Assignment: Your job is to set down the stretch of entries that opens with the line containing "apply/allpairsP/idP => [[[y" and closes with the line containing "Lemma size_vote_seq (v". Keep both end lines, copy each exactly, and add nothing.

Excerpts from a dataset:
(* Let $\mathcal{L}\subseteq\mathbb{S}^n$ be a regular linear subspace and let $\{A_1,\dots,A_c\}$ be a basis of $\mathcal{L}^\perp$. Then, for generic $S\in\mathbb{S}^n$, the ML degree of $\mathcal{L}$ equals the number of invertible matrices $\sum_i t_iA_i+S$ such that $(t_1,\dots,t_c)$ is a critical point of the function $\ell(t_1,\dots,t_c):=\det(\sum_i t_iA_i+S)$.
   Context: $\mathbb{S}^n$ denotes the space of complex symmetric $n\times n$ matrices. A linear subspace $\mathcal{L}$ is regular if it contains a full-rank matrix. $\mathcal{L}^\perp=\{\Sigma:\mathrm{tr}(K\Sigma)=0\ \forall K\in\mathcal{L}\}$. The reciprocal variety $\mathcal{L}^{-1}$ is the Zariski closure of the set of inverses of invertible matrices in $\mathcal{L}$. The ML degree of $\mathcal{L}$ is the number of matrices in $\mathcal{L}^{-1}\cap(\mathcal{L}^\perp+S)$ for generic $S\in\mathbb{S}^n$. *)

From HB Require Import structures.
From mathcomp Require Import all_boot all_algebra.
From mathcomp Require Import reals.
From mathcomp Require Import complex.
From mathcomp Require Import mpoly.

Set Implicit Arguments.
Unset Strict Implicit.
Unset Printing Implicit Defensive.

Import GRing.Theory.
Local Open Scope ring_scope.

Section MLdegree.
Variables (R : realType) (n : nat).
Local Notation C := (R[i]).
Local Notation Mat := ('M[C]_n).

Definition mat_eval (p : {mpoly C[n * n]}) (M : Mat) : C :=
  p.@[fun k => mxvec M 0 k].

Definition zariski_closure (X : Mat -> Prop) : Mat -> Prop :=
  fun M => forall p : {mpoly C[n * n]},
    (forall Y, X Y -> mat_eval p Y = 0) -> mat_eval p M = 0.

Definition symmetric (M : Mat) : Prop := M^T = M.

Definition sym_subspace (L : {vspace Mat}) : Prop :=
  forall K, K \in L -> symmetric K.

Definition regular (L : {vspace Mat}) : Prop :=
  exists K, K \in L /\ K \in unitmx.

Definition in_perp (L : {vspace Mat}) (X : Mat) : Prop :=
  symmetric X /\ forall K, K \in L -> \tr (K *m X) = 0.

Definition reciprocal_variety (L : {vspace Mat}) : Mat -> Prop :=
  zariski_closure (fun M => exists K, [/\ K \in L, K \in unitmx & M = invmx K]).

Definition generic (P : Mat -> Prop) : Prop :=
  exists f : {mpoly C[n * n]},
    (exists S0, symmetric S0 /\ mat_eval f S0 != 0) /\
    forall S, symmetric S -> mat_eval f S != 0 -> P S.

Definition has_card (P : Mat -> Prop) (d : nat) : Prop :=
  exists s : seq Mat, [/\ uniq s, size s = d & forall M, M \in s <-> P M].

Definition ML_degree (L : {vspace Mat}) (d : nat) : Prop :=
  generic (fun S => has_card
    (fun M => reciprocal_variety L M /\ in_perp L (M - S)) d).

Definition perp_basis (L : {vspace Mat}) (c : nat) (A : c.-tuple Mat) : Prop :=
  free A /\ forall X, X \in <<A>>%VS <-> in_perp L X.

Definition affine_combo (c : nat) (A : c.-tuple Mat) (S : Mat) (t : 'I_c -> C)
  : Mat := \sum_(k < c) t k *: tnth A k + S.

Definition ell (c : nat) (A : c.-tuple Mat) (S : Mat) : {mpoly C[c]} :=
  \det (\matrix_(i < n, j < n)
          (\sum_(k < c) 'X_k * ((tnth A k) i j)%:MP + (S i j)%:MP)).

Definition critical_point (c : nat) (A : c.-tuple Mat) (S : Mat)
  (t : 'I_c -> C) : Prop :=
  forall k : 'I_c, (mderiv k (ell A S)).@[t] = 0.

Definition critical_matrices (c : nat) (A : c.-tuple Mat) (S : Mat) :
  Mat -> Prop :=
  fun M => M \in unitmx /\
    exists t, M = affine_combo A S t /\ critical_point A S t.

End MLdegree.

From Pilot Require Import Defs.
From HB Require Import structures.
From mathcomp Require Import all_boot all_algebra.
From mathcomp Require Import reals complex mpoly.
From mathcomp Require Import perm zify.
Import GRing.Theory Num.Theory.

Set Implicit Arguments.
Unset Strict Implicit.
Unset Printing Implicit Defensive.
Lemma G_rank_addS r k : G_rank (r + k.+1) = fps_add (G_rank (r + k)) (G_lead (r + k.+1)).
Proof.
rewrite /G_rank /G_lead !gen_split.
rewrite (gen_nonnil_ext (Q := predU (fun x => crank x <= r + k) (fun x => crank x == r + k.+1))).
  by rewrite gen_nonnil_predU; [fps_solve | move=> x _ /=; lia].
by move=> x _ /=; lia.
Qed.

Lemma G_rankS r : G_rank r.+1 = fps_add (G_rank r) (G_lead r.+1).
Proof. exact: (G_rank_addS 0). Qed.

Lemma G_lead_crank l : allowed l ->
  G_lead (crank l) = fps_shift (ua l.2) (vb l.2) l.1 (G_after l).
Proof.
move=> allowed_l; rewrite /G_lead -gen_nonnil_pred1 //; apply: gen_nonnil_ext => x allowed_x.
by apply/eqP/eqP => [/crank_inj -> | ->].
Qed.

Lemma G_lead_at l r F : allowed l -> crank l = r -> G_after l = F ->
  G_lead r = fps_shift (ua l.2) (vb l.2) l.1 F.
Proof. by move=> allowed_l <- <-; exact: G_lead_crank. Qed.

Ltac simpl_parity := rewrite /= ?oddD ?oddM /= ?addbF ?addbb /=.

Ltac by_colour := case=> k []; rewrite /allowed /diffcond /Adiff; simpl_parity; lia.

Ltac lead_at l :=
  apply: (@G_lead_at l); [rewrite /allowed; simpl_parity; lia | rewrite /=; lia |
                          done || (apply: gen_ext; by_colour)].

Section Leads.
Variable n : nat.

Lemma G_lead_even_ab : G_lead (8 * n + 4) = fps_shift 1 1 (2 * n + 2) (G_after (2 * n + 2, Cab)).
Proof. by lead_at (2 * n + 2, Cab). Qed.

Lemma G_lead_even_a : G_lead (8 * n + 5) = fps_shift 1 0 (2 * n + 2) (G_after (2 * n + 2, Cab)).
Proof. by lead_at (2 * n + 2, Ca). Qed.

Lemma G_lead_odd_a2 : G_lead (8 * n + 6) = fps_shift 2 0 (2 * n + 3) (G_after (2 * n + 2, Cab)).
Proof. by lead_at (2 * n + 3, Ca2). Qed.

Lemma G_lead_even_b : G_lead (8 * n + 7) = fps_shift 0 1 (2 * n + 2) (G_rank (8 * n + 1)).
Proof. by lead_at (2 * n + 2, Cb). Qed.

Lemma G_lead_odd_ab : G_lead (8 * n + 8) = fps_shift 1 1 (2 * n + 3) (G_rank (8 * n + 1)).
Proof. by lead_at (2 * n + 3, Cab). Qed.
Lemma shift_close_conjg g : exists D, forall h, L h -> conj_set (ginv g) L h ->
  exists n, word_dist S (shift (phi g) h) (Defs.conjg g h) n /\ (n <= D)%coq_nat.
Proof.
have [_ [Lmul Linv]] := sL.
have [D DK] := compact_len_bounded (compact_setmul cP (@compact_set1 _ (tinv (phi g)))).
exists D => h Lh Lgh.
have {Lgh} Lgh : L (Defs.conjg g h) by move: Lgh; rewrite /conj_set ginvK.
have [n dn] := word_dist_exists sL gS (lpartL (tmul (phi g) (phi h))) Lgh.
exists n; split=> //; apply/leP; apply: (word_dist_le dn); apply: DK.
  exact: Lmul (Linv _ (lpartL _)) Lgh.
rewrite /Defs.conjg !phiM !(homV phiM) !phi_lpart; tsimpl.
exact: mem_setmul.
Qed.

End Shift.
End WordMetric.

Lemma lattice_uniformly_commensurated : uniformly_commensurated L.
Proof.
move=> S gS.
have [P [lpart [ppart [cP [lpartL [ppartP lpartE]]]]]] := lattice_section.
have [K [A qi]] := shift_quasi_isometry gS cP lpartL ppartP lpartE.
exists K, A => g; exists (shift (lpart:=lpart) (phi g)); split; first exact: qi.
exact: (shift_close_conjg gS cP lpartL ppartP lpartE g).
Qed.

End LatticeEmbedding.

Theorem lemma3p8 (Gam : AbsGroup) (Lam : Gam -> Prop) (Eg : TopGroup)
  (phi : Gam -> tgsp Eg) :
  hecke_pair Lam -> finitely_generated Lam ->
  locally_compact_group Eg ->
  (forall x y : Gam, phi (gmul x y) = tmul (phi x) (phi y)) ->
  virtual_uniform_lattice_embedding Lam phi ->
  engulfing_group Lam Eg /\ uniformly_commensurated Lam.
Proof.
move=> [sL _] _ _ phiM vule.
split; first exact: (engulfing_group_of_hom phiM vule sL).
exact: (lattice_uniformly_commensurated sL phiM vule).
Qed.
Lemma big_bounded_seqs_cat m n1 n2 (F : seq nat -> R) :
  \sum_(s <- bounded_seqs m (n1 + n2)) F s =
  \sum_(p <- bounded_seqs m n1) \sum_(r <- bounded_seqs m n2) F (p ++ r).
Proof.
elim: n1 F => [|n1 IH] F; first by rewrite big_bounded_seqs0.
by rewrite addSn !big_bounded_seqsS; apply: eq_bigr => x _; apply: IH.
Qed.

End BoundedSeqs.

Lemma mem_bounded_seqs m n s :
  (s \in bounded_seqs m n) = (size s == n) && all (fun x => x < m)%N s.
Proof.
elim: n s => [|n IH] [|x s] //=.
  by apply/allpairsP => -[[y t] []].
apply/allpairsP/idP => [[[y t] /= [y_in t_in [-> ->]]]|/and3P[size_s x_lt s_lt]].
  by move: y_in t_in; rewrite mem_iota add0n IH eqSS => /andP[_ ->] /andP[-> ->].
by exists (x, s); rewrite mem_iota add0n IH -eqSS size_s x_lt s_lt.
Qed.

Lemma bounded_seqs_uniq m n : uniq (bounded_seqs m n).
Proof.
elim: n => [|n IH] //=.
by apply: allpairs_uniq => [||[x s] [y t] _ _ [-> ->]]; rewrite ?iota_uniq.
Qed.

Section Votes.

Variable m : nat.

Lemma nth_vote_seq (v : {perm 'I_m}) (k : 'I_m) :
  nth 0%N (vote_seq v) k = val (v k).
Proof. by rewrite (nth_map k) ?size_enum_ord ?nth_ord_enum. Qed.

Lemma size_vote_seq (v : {perm 'I_m}) : size (vote_seq v) = m.
Proof. by rewrite size_map size_enum_ord. Qed.

Lemma vote_seq_inj : injective (@vote_seq m).
Proof.
by move=> v w E; apply/permP => k; apply: val_inj; rewrite -!nth_vote_seq E.
Qed.

Lemma mem_vote_seqs s :
  (s \in map (@vote_seq m) (enum {perm 'I_m})) =
  uniq s && (s \in bounded_seqs m m).
Proof.
rewrite mem_bounded_seqs; apply/mapP/and3P => [[v _ ->]|[uniq_s /eqP size_s s_lt]].
  rewrite size_vote_seq /vote_seq map_inj_uniq ?enum_uniq; last first.
    by move=> a b /val_inj/perm_inj.
  by split=> //; apply/allP => _ /mapP[k _ ->]; apply: ltn_ord.
have nth_lt (k : 'I_m) : (nth 0 s k < m)%N by apply: (all_nthP 0 s_lt); rewrite size_s.
pose f k := Ordinal (nth_lt k).
have f_inj : injective f.
  by move=> k1 k2 [/eqP]; rewrite nth_uniq ?size_s // => /eqP/val_inj.
exists (perm f_inj); rewrite ?mem_enum //.
apply: (@eq_from_nth _ 0%N) => [|i]; rewrite ?size_vote_seq ?size_s // => lt_im.
by rewrite (nth_vote_seq _ (Ordinal lt_im)) permE.
Qed.

Lemma big_vote_seq (F : seq nat -> rat) : {in predC uniq, F =1 fun=> 0} ->
  \sum_(v : {perm 'I_m}) F (vote_seq v) = \sum_(s <- bounded_seqs m m) F s.
Proof.
move=> F0; rewrite [RHS](bigID uniq) /= [X in _ + X]big1 ?addr0; last first.
  by move=> s /F0.
rewrite -big_filter (perm_big (map (@vote_seq m) (enum {perm 'I_m}))).
  by rewrite big_map big_enum.
apply: uniq_perm; rewrite ?filter_uniq ?bounded_seqs_uniq //.
  by rewrite map_inj_uniq ?enum_uniq //; apply: vote_seq_inj.
by move=> s; rewrite mem_filter mem_vote_seqs.
Qed.

End Votes.

Lemma sum_nat_eq_if (R : nmodType) n t (F : nat -> R) :
  \sum_(0 <= x < n) (if x == t then F x else 0) = if (t < n)%N then F t else 0.
Proof. by rewrite -big_mkcond big_nat1_eq. Qed.

Lemma sum_nat_eq_if_mul (R : pzSemiRingType) n t c (F : nat -> R) :
  \sum_(0 <= x < n) (if x == t then c else 0) * F x =
  if (t < n)%N then c * F t else 0.
Proof.
rewrite -(sum_nat_eq_if _ _ (fun x => c * F x)); apply: eq_bigr => x _.
by case: eqP => [->|]; rewrite ?mul0r.
Qed.

Lemma sum_midpoints (R : numFieldType) (G : nat -> R) n :
  \sum_(0 <= a < n) (G a + G a.+1) / 2 =
  \sum_(0 <= a < n.+1) G a - (G 0%N + G n) / 2.
Proof.
elim: n => [|n IH]; first by rewrite big_geq // big_nat1; field.
by rewrite big_nat_recr //= IH [in RHS]big_nat_recr //=; field.
Qed.

Section ConitzerSteps.

Variable m : nat.

(* The interval [ab] of selected candidates after [x] is ranked next; this is
   meaningful only when [x] is adjacent to [ab]. *)
Definition extend (ab : nat * nat) (x : nat) : nat * nat :=
  if (0 < ab.1)%N && (x == ab.1.-1) then (ab.1.-1, ab.2) else (ab.1, ab.2.+1).

Definition step_weight (ab : nat * nat) (x : nat) : rat :=
  con_ext m ab.1 ab.2 [:: x].

Definition left_prob (ab : nat * nat) : rat :=
  if (0 < ab.1)%N then (if (ab.2.+1 < m)%N then 2^-1 else 1) else 0.

Definition right_prob (ab : nat * nat) : rat :=
  if (ab.2.+1 < m)%N then (if (0 < ab.1)%N then 2^-1 else 1) else 0.

Lemma con_ext_cons ab x s :
  con_ext m ab.1 ab.2 (x :: s) =
  step_weight ab x * con_ext m (extend ab x).1 (extend ab x).2 s.
Proof.
case: ab => a b; rewrite /step_weight /extend /=.
by case: ifP => _; [|case: ifP => _]; rewrite ?mulr1 ?mul0r.
Qed.

Lemma con_ext_cat ab p r :
  con_ext m ab.1 ab.2 (p ++ r) =
  con_ext m ab.1 ab.2 p *
  con_ext m (foldl extend ab p).1 (foldl extend ab p).2 r.
Proof.
elim: p ab => [|x p IH] ab; first by rewrite mul1r.
by rewrite cat_cons !con_ext_cons IH mulrA.
Qed.

Lemma step_weightE ab x : (ab.1 <= ab.2)%N ->
  step_weight ab x =
  (if x == ab.1.-1 then left_prob ab else 0) +
  (if x == ab.2.+1 then right_prob ab else 0).
Proof.
case: ab => a b /= le_ab; rewrite /step_weight /left_prob /right_prob /= !mulr1.
by case: (x =P a.-1) => [xa|xa]; case: (x =P b.+1) => [xb|xb]; try lia;
  rewrite /= ?andbT ?andbF ?addr0 ?add0r //=; case: (0 < a)%N.
Qed.

Definition step_mean (g : nat * nat -> rat) (ab : nat * nat) : rat :=
  \sum_(0 <= y < m) step_weight ab y * g (extend ab y).

Lemma step_meanE g ab : (ab.1 <= ab.2 < m)%N ->
  step_mean g ab =
  left_prob ab * g (ab.1.-1, ab.2) + right_prob ab * g (ab.1, ab.2.+1).
Proof.
case: ab => a b /= /andP[le_ab lt_bm].
rewrite /step_mean; under eq_bigr do rewrite step_weightE // mulrDl.
rewrite big_split /= !sum_nat_eq_if_mul /extend /= eqxx andbT.
have -> : (b.+1 == a.-1) = false by apply/negbTE/eqP; lia.
rewrite andbF ifT; last by lia.
congr (_ + _).
  by case: (posnP a) => [->|a_gt0]; rewrite /left_prob /= ?a_gt0 ?mul0r.
by rewrite /right_prob; case: (b.+1 < m)%N; rewrite ?mul0r.
Qed.

Lemma left_prob_add_right_prob ab : ((0 < ab.1) || (ab.2.+1 < m))%N ->
  left_prob ab + right_prob ab = 1.
Proof.
rewrite /left_prob /right_prob.
by case: ifP; case: ifP => //= _ _ _;
  rewrite ?addr0 ?add0r // -mulr2n -mulr_natr mulVf.
Qed.

Lemma sum_con_ext_eq1 n ab : (ab.1 <= ab.2 < m)%N -> (n + (ab.2 - ab.1).+1 = m)%N ->
  \sum_(s <- bounded_seqs m n) con_ext m ab.1 ab.2 s = 1.
Proof.
elim: n ab => [|n IH] [a b] /= ab_in n_eq; first by rewrite big_bounded_seqs0.
rewrite big_bounded_seqsS.
under eq_bigr do under eq_bigr do rewrite (con_ext_cons (a, b)).
under eq_bigr do rewrite -big_distrr.
pose mass ab := \sum_(s <- bounded_seqs m n) con_ext m ab.1 ab.2 s.
rewrite -/(step_mean mass (a, b)) step_meanE //= /mass.
rewrite -[RHS](@left_prob_add_right_prob (a, b)) /=; last by lia.
congr (_ + _).
  have [a0|a_gt0] := posnP a; first by rewrite /left_prob a0 mul0r.
  by rewrite (IH (a.-1, b)) ?mulr1 //=; lia.
have [lt_b1m|b1m] := ltnP b.+1 m; last by rewrite /right_prob ltnNge b1m mul0r.
by rewrite (IH (a, b.+1)) ?mulr1 //=; lia.
Qed.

Result of the task:
apply/allpairsP/idP => [[[y t] /= [y_in t_in [-> ->]]]|/and3P[size_s x_lt s_lt]].
  by move: y_in t_in; rewrite mem_iota add0n IH eqSS => /andP[_ ->] /andP[-> ->].
by exists (x, s); rewrite mem_iota add0n IH -eqSS size_s x_lt s_lt.
Qed.

Lemma bounded_seqs_uniq m n : uniq (bounded_seqs m n).
Proof.
elim: n => [|n IH] //=.
by apply: allpairs_uniq => [||[x s] [y t] _ _ [-> ->]]; rewrite ?iota_uniq.
Qed.

Section Votes.

Variable m : nat.

Lemma nth_vote_seq (v : {perm 'I_m}) (k : 'I_m) :
  nth 0%N (vote_seq v) k = val (v k).
Proof. by rewrite (nth_map k) ?size_enum_ord ?nth_ord_enum. Qed.

Lemma size_vote_seq (v : {perm 'I_m}) : size (vote_seq v) = m.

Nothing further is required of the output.